## Task goal
With the string "joinsP" as the filter, copy each matching line from the records.
• • • • •
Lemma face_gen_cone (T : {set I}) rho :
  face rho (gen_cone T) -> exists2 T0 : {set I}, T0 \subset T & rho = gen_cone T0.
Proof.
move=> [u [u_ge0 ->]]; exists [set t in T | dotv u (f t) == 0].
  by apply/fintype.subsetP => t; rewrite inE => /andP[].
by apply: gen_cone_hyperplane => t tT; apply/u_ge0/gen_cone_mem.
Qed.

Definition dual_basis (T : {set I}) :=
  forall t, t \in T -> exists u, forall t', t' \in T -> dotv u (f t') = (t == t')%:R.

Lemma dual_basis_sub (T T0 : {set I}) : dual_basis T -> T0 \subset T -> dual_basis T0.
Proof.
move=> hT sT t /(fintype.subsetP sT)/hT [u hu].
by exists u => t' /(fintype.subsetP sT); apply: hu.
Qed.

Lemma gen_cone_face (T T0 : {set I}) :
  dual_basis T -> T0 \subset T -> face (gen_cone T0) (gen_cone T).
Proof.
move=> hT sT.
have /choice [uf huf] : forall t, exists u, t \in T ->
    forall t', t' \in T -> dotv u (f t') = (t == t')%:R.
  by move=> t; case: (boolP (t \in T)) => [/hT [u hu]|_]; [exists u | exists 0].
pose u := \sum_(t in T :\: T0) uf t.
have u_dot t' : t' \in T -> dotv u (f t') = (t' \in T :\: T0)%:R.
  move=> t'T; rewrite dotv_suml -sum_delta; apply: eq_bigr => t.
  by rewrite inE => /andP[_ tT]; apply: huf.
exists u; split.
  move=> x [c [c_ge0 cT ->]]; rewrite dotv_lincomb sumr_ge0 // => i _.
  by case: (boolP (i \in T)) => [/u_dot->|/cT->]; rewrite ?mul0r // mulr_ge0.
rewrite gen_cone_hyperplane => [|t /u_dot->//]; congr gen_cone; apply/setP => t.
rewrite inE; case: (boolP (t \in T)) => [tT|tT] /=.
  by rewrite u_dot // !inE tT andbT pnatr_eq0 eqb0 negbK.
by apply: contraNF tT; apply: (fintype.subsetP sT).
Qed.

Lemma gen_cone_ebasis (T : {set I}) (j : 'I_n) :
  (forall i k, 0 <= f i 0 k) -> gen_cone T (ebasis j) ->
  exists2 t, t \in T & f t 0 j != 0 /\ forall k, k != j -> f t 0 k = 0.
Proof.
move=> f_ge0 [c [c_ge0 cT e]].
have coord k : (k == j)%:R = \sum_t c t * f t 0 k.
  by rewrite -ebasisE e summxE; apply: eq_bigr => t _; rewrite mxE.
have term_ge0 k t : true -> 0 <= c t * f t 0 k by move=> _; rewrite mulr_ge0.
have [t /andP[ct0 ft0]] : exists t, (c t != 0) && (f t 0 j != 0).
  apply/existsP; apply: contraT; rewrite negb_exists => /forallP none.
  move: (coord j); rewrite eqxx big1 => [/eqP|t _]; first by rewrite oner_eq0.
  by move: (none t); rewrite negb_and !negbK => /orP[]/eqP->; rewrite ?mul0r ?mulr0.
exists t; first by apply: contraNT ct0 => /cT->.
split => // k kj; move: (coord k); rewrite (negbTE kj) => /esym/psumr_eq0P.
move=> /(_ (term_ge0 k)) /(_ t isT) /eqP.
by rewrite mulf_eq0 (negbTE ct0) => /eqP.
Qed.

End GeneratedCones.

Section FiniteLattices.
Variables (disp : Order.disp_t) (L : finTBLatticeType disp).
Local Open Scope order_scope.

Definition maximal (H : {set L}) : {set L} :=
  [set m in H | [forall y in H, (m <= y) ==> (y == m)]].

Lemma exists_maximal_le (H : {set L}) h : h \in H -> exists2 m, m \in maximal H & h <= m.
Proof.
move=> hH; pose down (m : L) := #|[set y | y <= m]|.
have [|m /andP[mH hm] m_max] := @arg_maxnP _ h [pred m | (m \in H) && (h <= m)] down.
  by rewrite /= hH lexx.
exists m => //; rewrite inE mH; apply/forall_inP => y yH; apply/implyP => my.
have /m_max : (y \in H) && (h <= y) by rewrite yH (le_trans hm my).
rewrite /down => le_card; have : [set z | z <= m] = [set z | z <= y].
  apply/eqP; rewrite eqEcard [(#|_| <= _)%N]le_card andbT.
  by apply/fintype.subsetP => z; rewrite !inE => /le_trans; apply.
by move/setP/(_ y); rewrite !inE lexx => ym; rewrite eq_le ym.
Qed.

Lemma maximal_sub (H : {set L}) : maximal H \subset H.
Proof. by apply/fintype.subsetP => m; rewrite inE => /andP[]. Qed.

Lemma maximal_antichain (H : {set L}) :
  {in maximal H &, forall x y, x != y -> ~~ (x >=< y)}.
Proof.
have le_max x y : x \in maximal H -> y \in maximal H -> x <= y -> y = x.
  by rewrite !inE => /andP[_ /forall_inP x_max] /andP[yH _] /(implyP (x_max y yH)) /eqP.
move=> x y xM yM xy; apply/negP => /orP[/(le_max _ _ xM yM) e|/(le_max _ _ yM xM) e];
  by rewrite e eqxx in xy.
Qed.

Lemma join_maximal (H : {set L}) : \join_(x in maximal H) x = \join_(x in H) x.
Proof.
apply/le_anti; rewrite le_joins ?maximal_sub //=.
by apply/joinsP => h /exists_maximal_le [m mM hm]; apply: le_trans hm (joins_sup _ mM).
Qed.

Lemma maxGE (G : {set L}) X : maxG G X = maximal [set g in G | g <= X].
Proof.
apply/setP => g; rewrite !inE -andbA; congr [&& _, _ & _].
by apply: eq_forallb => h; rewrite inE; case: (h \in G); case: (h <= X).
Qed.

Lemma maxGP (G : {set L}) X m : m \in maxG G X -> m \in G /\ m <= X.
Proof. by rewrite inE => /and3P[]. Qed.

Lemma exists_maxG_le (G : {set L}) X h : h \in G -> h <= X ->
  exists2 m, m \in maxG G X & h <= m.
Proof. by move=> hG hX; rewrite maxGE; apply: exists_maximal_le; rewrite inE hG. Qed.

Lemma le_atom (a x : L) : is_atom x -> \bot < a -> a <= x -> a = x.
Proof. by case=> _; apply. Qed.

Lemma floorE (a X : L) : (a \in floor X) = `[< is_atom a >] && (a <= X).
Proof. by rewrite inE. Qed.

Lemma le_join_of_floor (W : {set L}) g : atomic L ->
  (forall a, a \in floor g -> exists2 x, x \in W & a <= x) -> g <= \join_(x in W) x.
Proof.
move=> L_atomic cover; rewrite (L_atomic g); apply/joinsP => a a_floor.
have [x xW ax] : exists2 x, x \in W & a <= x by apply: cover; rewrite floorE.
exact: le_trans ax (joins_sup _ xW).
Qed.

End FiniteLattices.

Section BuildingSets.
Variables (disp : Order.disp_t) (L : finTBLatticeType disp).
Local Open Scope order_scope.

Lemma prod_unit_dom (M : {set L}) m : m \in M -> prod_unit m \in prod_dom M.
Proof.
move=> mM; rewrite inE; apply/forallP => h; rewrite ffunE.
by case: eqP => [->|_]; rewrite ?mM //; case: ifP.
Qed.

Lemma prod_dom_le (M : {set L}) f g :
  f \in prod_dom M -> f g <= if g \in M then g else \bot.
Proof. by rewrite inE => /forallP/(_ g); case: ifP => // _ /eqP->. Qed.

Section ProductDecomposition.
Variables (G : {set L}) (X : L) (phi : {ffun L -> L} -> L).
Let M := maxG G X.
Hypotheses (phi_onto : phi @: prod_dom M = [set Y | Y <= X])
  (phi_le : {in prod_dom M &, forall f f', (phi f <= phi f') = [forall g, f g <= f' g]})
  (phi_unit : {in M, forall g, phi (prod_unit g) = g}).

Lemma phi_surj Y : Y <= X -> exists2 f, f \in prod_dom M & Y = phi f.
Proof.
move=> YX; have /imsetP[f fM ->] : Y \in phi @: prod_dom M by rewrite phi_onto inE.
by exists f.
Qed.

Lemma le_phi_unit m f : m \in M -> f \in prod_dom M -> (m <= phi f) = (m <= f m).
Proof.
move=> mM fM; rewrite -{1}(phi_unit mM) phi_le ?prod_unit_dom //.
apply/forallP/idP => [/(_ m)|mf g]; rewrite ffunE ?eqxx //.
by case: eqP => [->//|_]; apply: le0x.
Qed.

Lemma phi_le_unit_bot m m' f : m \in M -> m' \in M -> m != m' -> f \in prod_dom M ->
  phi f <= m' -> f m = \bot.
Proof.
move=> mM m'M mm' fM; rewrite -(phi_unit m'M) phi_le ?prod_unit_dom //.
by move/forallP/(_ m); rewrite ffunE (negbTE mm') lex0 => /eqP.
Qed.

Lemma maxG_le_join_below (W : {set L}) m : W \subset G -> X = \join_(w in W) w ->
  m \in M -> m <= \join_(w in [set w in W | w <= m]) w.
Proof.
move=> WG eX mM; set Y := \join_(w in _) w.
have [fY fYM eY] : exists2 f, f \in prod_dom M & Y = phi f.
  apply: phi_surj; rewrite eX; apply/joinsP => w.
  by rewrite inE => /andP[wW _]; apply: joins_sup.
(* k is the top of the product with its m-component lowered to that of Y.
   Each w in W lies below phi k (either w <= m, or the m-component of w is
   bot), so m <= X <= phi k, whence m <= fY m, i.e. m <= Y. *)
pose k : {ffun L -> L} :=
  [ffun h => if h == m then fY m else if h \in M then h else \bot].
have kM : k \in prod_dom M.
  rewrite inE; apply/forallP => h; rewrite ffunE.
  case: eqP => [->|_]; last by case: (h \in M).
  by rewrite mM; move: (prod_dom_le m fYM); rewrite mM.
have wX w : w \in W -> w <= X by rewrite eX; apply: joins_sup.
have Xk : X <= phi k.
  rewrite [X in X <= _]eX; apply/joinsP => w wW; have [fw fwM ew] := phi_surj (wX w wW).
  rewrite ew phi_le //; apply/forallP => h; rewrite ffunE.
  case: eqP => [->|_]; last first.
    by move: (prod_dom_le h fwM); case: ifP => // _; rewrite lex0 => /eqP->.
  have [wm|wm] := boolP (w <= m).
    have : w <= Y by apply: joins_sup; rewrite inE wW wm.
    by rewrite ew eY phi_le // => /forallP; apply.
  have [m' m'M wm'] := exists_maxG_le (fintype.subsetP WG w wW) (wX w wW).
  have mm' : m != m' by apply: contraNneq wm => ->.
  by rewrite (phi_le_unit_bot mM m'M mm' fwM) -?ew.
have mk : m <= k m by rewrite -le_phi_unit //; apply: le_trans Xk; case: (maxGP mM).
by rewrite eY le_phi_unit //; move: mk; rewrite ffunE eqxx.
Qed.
• • • • •
## Written solution
by apply/joinsP => h /exists_maximal_le [m mM hm]; apply: le_trans hm (joins_sup _ mM).
move=> L_atomic cover; rewrite (L_atomic g); apply/joinsP => a a_floor.
  apply: phi_surj; rewrite eX; apply/joinsP => w.
  rewrite [X in X <= _]eX; apply/joinsP => w wW; have [fw fwM ew] := phi_surj (wX w wW).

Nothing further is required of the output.